* EXERCISE DETAILS: Where the material below has a line containing "elim: cs =>", start repeating exactly, and keep going through the line containing "case: k => // k _ hk; rewrite trajectS /=.", with no other lines.

* EXTRACTED RECORDS:
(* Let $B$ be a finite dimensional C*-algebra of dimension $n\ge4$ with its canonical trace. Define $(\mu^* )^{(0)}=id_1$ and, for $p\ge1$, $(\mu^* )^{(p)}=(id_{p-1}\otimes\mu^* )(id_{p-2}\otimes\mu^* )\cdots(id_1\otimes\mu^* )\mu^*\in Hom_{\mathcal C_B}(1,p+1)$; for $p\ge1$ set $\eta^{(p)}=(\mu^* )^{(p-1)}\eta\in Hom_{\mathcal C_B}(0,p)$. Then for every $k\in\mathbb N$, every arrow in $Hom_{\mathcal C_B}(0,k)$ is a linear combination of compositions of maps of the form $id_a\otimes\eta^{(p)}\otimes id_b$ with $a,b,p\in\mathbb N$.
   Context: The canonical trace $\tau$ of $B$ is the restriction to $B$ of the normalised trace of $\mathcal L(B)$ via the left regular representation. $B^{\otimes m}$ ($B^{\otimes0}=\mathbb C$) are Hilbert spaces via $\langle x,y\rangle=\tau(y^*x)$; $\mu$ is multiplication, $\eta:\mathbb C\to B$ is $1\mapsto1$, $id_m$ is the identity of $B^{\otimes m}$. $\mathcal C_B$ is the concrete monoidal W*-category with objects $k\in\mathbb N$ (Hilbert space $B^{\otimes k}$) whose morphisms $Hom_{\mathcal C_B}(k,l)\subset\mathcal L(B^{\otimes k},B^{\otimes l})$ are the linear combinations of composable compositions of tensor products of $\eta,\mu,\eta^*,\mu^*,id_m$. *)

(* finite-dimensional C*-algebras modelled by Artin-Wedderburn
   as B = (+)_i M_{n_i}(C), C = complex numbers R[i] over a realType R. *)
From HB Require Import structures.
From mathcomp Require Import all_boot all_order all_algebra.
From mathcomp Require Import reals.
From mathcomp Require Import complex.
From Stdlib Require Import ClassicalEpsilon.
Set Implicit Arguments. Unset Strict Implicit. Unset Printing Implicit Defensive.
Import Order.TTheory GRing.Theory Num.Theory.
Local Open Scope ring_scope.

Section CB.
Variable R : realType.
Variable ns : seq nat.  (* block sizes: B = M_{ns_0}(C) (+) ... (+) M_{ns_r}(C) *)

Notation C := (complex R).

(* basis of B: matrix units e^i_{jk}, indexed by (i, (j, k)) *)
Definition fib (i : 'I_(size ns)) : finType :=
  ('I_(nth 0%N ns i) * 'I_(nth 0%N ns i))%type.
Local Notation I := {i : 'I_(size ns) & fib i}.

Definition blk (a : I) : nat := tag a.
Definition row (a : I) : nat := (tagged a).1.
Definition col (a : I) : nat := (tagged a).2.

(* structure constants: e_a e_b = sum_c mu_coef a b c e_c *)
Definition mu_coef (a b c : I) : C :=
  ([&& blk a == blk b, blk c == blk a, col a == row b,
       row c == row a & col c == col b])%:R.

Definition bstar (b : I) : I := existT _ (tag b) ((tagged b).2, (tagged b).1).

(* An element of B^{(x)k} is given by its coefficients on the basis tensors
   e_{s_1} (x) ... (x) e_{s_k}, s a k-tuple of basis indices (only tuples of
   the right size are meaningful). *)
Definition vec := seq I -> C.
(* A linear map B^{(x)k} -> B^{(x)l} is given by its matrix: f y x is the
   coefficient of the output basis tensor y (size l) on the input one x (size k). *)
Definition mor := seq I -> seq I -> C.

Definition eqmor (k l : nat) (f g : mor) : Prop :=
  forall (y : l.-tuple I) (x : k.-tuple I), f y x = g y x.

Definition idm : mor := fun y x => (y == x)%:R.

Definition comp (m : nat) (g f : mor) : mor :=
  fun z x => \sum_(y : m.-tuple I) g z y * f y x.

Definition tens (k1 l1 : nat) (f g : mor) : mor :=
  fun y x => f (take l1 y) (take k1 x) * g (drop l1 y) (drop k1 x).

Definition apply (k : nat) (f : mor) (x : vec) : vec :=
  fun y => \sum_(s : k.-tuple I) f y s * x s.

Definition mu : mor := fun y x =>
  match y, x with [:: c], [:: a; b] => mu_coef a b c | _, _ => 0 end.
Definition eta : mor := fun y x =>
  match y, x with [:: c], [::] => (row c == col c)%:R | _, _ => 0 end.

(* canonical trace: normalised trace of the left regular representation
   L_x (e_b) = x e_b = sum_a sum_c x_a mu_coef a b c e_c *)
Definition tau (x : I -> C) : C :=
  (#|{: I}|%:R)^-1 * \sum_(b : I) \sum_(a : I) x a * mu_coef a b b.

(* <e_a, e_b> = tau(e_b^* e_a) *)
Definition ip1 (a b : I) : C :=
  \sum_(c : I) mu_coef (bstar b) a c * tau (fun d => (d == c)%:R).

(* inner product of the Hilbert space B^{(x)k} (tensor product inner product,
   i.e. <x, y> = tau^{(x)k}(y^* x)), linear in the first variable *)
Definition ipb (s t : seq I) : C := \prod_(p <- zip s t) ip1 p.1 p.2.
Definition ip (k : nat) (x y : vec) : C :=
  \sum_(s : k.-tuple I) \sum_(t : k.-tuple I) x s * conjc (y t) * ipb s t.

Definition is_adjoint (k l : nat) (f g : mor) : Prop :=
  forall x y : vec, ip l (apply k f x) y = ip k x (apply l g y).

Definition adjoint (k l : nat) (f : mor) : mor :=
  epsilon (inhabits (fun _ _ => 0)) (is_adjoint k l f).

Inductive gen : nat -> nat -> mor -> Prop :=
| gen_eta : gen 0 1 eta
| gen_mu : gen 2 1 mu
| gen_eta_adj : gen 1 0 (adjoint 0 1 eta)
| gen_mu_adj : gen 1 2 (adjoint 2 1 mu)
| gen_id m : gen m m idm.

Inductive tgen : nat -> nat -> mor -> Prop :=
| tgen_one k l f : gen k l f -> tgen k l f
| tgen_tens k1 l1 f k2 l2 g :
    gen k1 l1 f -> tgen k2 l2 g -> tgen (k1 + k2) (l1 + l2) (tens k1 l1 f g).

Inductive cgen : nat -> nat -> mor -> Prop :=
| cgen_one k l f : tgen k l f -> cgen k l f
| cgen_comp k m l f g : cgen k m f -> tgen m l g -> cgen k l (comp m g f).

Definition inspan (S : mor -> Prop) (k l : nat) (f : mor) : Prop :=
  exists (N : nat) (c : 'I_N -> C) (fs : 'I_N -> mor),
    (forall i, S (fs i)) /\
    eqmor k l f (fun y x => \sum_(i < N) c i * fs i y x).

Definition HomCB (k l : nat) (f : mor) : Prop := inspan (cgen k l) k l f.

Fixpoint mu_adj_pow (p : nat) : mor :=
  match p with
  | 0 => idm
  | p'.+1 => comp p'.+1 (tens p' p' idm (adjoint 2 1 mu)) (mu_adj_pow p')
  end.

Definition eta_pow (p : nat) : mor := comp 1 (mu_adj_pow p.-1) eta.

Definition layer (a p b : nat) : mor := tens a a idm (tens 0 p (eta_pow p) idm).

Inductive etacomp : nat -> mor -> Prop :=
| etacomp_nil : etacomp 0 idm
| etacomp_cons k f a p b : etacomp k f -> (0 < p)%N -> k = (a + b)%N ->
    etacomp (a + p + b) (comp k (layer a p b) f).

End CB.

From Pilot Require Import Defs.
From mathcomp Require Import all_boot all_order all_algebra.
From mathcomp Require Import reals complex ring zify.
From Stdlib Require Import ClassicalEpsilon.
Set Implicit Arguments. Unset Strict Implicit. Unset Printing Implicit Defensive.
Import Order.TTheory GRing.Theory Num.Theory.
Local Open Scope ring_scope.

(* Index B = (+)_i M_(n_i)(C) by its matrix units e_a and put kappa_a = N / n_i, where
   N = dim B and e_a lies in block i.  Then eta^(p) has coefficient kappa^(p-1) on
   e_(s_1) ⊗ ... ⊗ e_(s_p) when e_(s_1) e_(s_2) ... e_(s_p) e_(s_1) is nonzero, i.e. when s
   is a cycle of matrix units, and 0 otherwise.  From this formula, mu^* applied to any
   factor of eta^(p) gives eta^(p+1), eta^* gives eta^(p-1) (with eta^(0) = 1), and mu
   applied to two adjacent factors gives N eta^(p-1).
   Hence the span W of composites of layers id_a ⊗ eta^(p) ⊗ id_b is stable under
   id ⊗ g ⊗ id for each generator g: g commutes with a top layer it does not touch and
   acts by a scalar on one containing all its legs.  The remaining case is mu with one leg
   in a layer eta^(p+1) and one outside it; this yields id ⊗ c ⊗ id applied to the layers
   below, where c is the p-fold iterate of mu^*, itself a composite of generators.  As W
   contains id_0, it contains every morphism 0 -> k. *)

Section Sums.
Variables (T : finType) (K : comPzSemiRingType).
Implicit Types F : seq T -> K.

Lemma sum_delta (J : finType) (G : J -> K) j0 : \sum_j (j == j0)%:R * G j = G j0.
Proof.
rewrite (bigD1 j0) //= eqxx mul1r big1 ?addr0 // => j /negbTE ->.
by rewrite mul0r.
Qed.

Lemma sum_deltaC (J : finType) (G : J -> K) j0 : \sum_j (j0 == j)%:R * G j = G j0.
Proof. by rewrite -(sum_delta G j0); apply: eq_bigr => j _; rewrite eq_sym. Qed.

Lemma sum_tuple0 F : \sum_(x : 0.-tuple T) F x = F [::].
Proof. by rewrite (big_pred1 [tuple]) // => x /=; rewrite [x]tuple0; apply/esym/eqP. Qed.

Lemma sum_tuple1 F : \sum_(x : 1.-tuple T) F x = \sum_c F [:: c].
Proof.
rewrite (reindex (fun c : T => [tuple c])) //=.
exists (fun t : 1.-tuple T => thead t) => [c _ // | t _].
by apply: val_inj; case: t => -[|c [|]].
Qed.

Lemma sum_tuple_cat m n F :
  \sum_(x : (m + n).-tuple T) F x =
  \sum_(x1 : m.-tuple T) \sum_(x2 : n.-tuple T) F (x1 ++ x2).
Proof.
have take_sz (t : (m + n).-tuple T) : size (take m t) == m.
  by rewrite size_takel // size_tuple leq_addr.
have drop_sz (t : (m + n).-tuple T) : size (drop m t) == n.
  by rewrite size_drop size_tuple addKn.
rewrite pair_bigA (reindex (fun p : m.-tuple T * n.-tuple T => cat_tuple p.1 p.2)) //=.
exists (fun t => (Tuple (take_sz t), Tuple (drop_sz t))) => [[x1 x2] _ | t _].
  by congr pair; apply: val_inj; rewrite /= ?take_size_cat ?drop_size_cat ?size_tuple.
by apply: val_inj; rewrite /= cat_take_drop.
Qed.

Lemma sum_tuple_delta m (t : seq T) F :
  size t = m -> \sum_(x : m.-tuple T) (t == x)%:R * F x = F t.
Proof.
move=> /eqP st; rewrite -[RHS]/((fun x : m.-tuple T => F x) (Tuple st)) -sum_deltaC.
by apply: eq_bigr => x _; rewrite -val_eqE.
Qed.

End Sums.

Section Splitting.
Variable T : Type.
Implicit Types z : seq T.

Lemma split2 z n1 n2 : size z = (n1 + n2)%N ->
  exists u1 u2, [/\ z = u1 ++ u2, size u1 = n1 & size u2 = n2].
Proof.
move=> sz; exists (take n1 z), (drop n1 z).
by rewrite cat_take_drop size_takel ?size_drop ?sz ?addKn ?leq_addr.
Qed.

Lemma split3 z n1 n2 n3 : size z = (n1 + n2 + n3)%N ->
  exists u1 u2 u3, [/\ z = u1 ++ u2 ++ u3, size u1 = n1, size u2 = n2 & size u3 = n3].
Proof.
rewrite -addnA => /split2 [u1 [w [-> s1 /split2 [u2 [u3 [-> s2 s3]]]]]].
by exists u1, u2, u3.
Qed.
...
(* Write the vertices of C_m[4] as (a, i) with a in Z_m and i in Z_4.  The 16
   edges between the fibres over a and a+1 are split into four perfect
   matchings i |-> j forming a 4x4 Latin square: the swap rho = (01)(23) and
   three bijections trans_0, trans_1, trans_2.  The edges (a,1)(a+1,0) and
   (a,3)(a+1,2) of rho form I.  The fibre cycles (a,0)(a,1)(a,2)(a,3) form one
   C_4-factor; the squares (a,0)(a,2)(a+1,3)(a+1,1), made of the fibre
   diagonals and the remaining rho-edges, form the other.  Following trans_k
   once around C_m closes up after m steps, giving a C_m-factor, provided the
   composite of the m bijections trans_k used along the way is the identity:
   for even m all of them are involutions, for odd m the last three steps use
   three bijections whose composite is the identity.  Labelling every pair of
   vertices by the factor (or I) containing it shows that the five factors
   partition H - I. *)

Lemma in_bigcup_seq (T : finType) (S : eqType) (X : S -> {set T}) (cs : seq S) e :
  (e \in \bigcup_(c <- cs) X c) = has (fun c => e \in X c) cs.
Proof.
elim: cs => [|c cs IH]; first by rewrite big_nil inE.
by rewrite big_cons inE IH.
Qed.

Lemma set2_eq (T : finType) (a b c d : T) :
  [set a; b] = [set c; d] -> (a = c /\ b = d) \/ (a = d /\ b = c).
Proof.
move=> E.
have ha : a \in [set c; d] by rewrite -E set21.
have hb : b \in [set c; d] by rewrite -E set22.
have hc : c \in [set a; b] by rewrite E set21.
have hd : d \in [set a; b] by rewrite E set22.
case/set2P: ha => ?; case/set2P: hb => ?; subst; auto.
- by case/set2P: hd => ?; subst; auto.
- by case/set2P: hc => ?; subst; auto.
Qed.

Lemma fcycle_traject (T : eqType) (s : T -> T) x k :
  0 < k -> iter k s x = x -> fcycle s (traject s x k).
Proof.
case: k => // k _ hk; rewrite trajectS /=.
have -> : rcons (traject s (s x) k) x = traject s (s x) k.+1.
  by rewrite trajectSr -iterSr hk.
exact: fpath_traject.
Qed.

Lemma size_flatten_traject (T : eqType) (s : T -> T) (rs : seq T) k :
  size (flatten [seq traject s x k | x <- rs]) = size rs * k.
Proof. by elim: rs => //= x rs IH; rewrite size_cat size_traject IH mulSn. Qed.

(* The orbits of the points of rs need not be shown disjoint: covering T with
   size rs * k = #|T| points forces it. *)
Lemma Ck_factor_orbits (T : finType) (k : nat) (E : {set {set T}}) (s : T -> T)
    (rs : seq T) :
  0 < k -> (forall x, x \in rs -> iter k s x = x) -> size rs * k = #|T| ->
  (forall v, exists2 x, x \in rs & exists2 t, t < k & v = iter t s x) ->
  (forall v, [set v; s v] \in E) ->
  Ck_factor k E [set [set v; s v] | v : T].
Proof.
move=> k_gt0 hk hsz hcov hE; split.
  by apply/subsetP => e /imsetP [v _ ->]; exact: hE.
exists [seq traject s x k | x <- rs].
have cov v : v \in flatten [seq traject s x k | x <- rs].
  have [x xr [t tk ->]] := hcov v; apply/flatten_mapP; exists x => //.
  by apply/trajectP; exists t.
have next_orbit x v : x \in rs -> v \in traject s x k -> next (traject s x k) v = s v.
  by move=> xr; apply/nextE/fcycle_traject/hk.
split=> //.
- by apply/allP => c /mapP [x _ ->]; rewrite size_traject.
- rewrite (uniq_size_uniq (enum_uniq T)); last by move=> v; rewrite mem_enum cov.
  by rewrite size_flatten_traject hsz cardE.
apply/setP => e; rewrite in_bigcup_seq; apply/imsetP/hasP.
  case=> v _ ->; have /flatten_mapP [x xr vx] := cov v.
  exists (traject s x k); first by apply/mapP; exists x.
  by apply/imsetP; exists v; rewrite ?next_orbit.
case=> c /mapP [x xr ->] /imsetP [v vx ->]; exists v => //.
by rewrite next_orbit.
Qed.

* ANSWER FOR THIS EXERCISE:
elim: cs => [|c cs IH]; first by rewrite big_nil inE.
by rewrite big_cons inE IH.
Qed.

Lemma set2_eq (T : finType) (a b c d : T) :
  [set a; b] = [set c; d] -> (a = c /\ b = d) \/ (a = d /\ b = c).
Proof.
move=> E.
have ha : a \in [set c; d] by rewrite -E set21.
have hb : b \in [set c; d] by rewrite -E set22.
have hc : c \in [set a; b] by rewrite E set21.
have hd : d \in [set a; b] by rewrite E set22.
case/set2P: ha => ?; case/set2P: hb => ?; subst; auto.
- by case/set2P: hd => ?; subst; auto.
- by case/set2P: hc => ?; subst; auto.
Qed.

Lemma fcycle_traject (T : eqType) (s : T -> T) x k :
  0 < k -> iter k s x = x -> fcycle s (traject s x k).
Proof.
case: k => // k _ hk; rewrite trajectS /=.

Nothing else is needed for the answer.